Top of Information shown

(* Fix $c\in\{0,1\}$. Consider the family of distributions on $(0,1)\cup\{c\}$ with densities, with respect to the measure $\lambda+\delta_c$ (where $\lambda$ is Lebesgue measure on $(0,1)$ and $\delta_c$ is the point mass at $c$), $$\mathrm{bi}_c(y;\alpha,\mu,\phi)=\begin{cases}\alpha, & y=c,\\ (1-\alpha)f(y;\mu,\phi), & y\in(0,1),\end{cases}$$ indexed by $(\alpha,\mu,\phi)\in(0,1)\times(0,1)\times(0,\infty)$, where $$f(y;\mu,\phi)=\frac{\Gamma(\phi)}{\Gamma(\mu\phi)\Gamma((1-\mu)\phi)}\,y^{\mu\phi-1}(1-y)^{(1-\mu)\phi-1},\quad y\in(0,1),$$ is the beta density with mean $\mu$ and precision $\phi$. (For $c=0$ this is the zero-inflated beta distribution $\mathrm{BEZI}(\alpha,\mu,\phi)$, and for $c=1$ the one-inflated beta distribution $\mathrm{BEOI}(\alpha,\mu,\phi)$.) Then this family (for either choice of $c$) is a three-parameter exponential family of full rank.
   Context: A family of densities $\{p_\theta:\theta\in\Theta\}$ with respect to a measure $\nu$ on a space $\mathcal Y$ is called a $k$-parameter exponential family of full rank if there are a one-to-one map $\theta\mapsto\eta(\theta)\in\mathbb R^k$, a statistic $T=(t_1,\dots,t_k):\mathcal Y\to\mathbb R^k$, a real function $B^*$ and a positive function $h$ on $\mathcal Y$ such that $p_\theta(y)=\exp\{\eta(\theta)^\top T(y)-B^*(\eta(\theta))\}h(y)$ for all $y$ and $\theta$, where neither the components $t_1,\dots,t_k$ nor the components of $\eta$ satisfy a linear constraint, and the set $\{\eta(\theta):\theta\in\Theta\}$ contains a $k$-dimensional open rectangle. *)

From HB Require Import structures.
From mathcomp Require Import all_boot all_order all_algebra.
From mathcomp Require Import all_classical all_reals all_analysis.
Set Implicit Arguments. Unset Strict Implicit. Unset Printing Implicit Defensive.
Import Order.TTheory GRing.Theory Num.Theory.
Import numFieldNormedType.Exports.
Local Open Scope classical_set_scope.
Local Open Scope ring_scope.

Definition Gamma (R : realType) (s : R) : R :=
  Rintegral (@lebesgue_measure R) `]0, +oo[
            (fun x => x `^ (s - 1) * expR (- x)).

Definition beta_density (R : realType) (mu phi y : R) : R :=
  Gamma phi / (Gamma (mu * phi) * Gamma ((1 - mu) * phi))
  * y `^ (mu * phi - 1) * (1 - y) `^ ((1 - mu) * phi - 1).

Definition Ysupp (R : realType) (c : R) : set R := `]0, 1[ `|` [set c].

Definition nu (R : realType) (c : R) : {measure set (measurableTypeR R) -> \bar R} :=
  measure_add
    (@mrestr _ (measurableTypeR R) R `]0, 1[ (@lebesgue_measure R) (measurable_itv _))
    (@dirac _ (measurableTypeR R) c R).

Definition Theta (R : realType) : set (R * R * R) :=
  [set th | 0 < th.1.1 < 1 /\ 0 < th.1.2 < 1 /\ 0 < th.2].

Definition bi (R : realType) (c : R) (th : R * R * R) (y : R) : R :=
  let: (alpha, mu, phi) := th in
  if y == c then alpha else (1 - alpha) * beta_density mu phi y.

Definition dotv (R : realType) (k : nat) (a b : 'I_k -> R) : R :=
  \sum_(i < k) a i * b i.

Bottom of Information shown

What is needed:
Repeat all of the entries exactly.

Exercise solution:
(* Fix $c\in\{0,1\}$. Consider the family of distributions on $(0,1)\cup\{c\}$ with densities, with respect to the measure $\lambda+\delta_c$ (where $\lambda$ is Lebesgue measure on $(0,1)$ and $\delta_c$ is the point mass at $c$), $$\mathrm{bi}_c(y;\alpha,\mu,\phi)=\begin{cases}\alpha, & y=c,\\ (1-\alpha)f(y;\mu,\phi), & y\in(0,1),\end{cases}$$ indexed by $(\alpha,\mu,\phi)\in(0,1)\times(0,1)\times(0,\infty)$, where $$f(y;\mu,\phi)=\frac{\Gamma(\phi)}{\Gamma(\mu\phi)\Gamma((1-\mu)\phi)}\,y^{\mu\phi-1}(1-y)^{(1-\mu)\phi-1},\quad y\in(0,1),$$ is the beta density with mean $\mu$ and precision $\phi$. (For $c=0$ this is the zero-inflated beta distribution $\mathrm{BEZI}(\alpha,\mu,\phi)$, and for $c=1$ the one-inflated beta distribution $\mathrm{BEOI}(\alpha,\mu,\phi)$.) Then this family (for either choice of $c$) is a three-parameter exponential family of full rank.
   Context: A family of densities $\{p_\theta:\theta\in\Theta\}$ with respect to a measure $\nu$ on a space $\mathcal Y$ is called a $k$-parameter exponential family of full rank if there are a one-to-one map $\theta\mapsto\eta(\theta)\in\mathbb R^k$, a statistic $T=(t_1,\dots,t_k):\mathcal Y\to\mathbb R^k$, a real function $B^*$ and a positive function $h$ on $\mathcal Y$ such that $p_\theta(y)=\exp\{\eta(\theta)^\top T(y)-B^*(\eta(\theta))\}h(y)$ for all $y$ and $\theta$, where neither the components $t_1,\dots,t_k$ nor the components of $\eta$ satisfy a linear constraint, and the set $\{\eta(\theta):\theta\in\Theta\}$ contains a $k$-dimensional open rectangle. *)

From HB Require Import structures.
From mathcomp Require Import all_boot all_order all_algebra.
From mathcomp Require Import all_classical all_reals all_analysis.
Set Implicit Arguments. Unset Strict Implicit. Unset Printing Implicit Defensive.
Import Order.TTheory GRing.Theory Num.Theory.
Import numFieldNormedType.Exports.
Local Open Scope classical_set_scope.
Local Open Scope ring_scope.

Definition Gamma (R : realType) (s : R) : R :=
  Rintegral (@lebesgue_measure R) `]0, +oo[
            (fun x => x `^ (s - 1) * expR (- x)).

Definition beta_density (R : realType) (mu phi y : R) : R :=
  Gamma phi / (Gamma (mu * phi) * Gamma ((1 - mu) * phi))
  * y `^ (mu * phi - 1) * (1 - y) `^ ((1 - mu) * phi - 1).

Definition Ysupp (R : realType) (c : R) : set R := `]0, 1[ `|` [set c].

Definition nu (R : realType) (c : R) : {measure set (measurableTypeR R) -> \bar R} :=
  measure_add
    (@mrestr _ (measurableTypeR R) R `]0, 1[ (@lebesgue_measure R) (measurable_itv _))
    (@dirac _ (measurableTypeR R) c R).

Definition Theta (R : realType) : set (R * R * R) :=
  [set th | 0 < th.1.1 < 1 /\ 0 < th.1.2 < 1 /\ 0 < th.2].

Definition bi (R : realType) (c : R) (th : R * R * R) (y : R) : R :=
  let: (alpha, mu, phi) := th in
  if y == c then alpha else (1 - alpha) * beta_density mu phi y.

Definition dotv (R : realType) (k : nat) (a b : 'I_k -> R) : R :=
  \sum_(i < k) a i * b i.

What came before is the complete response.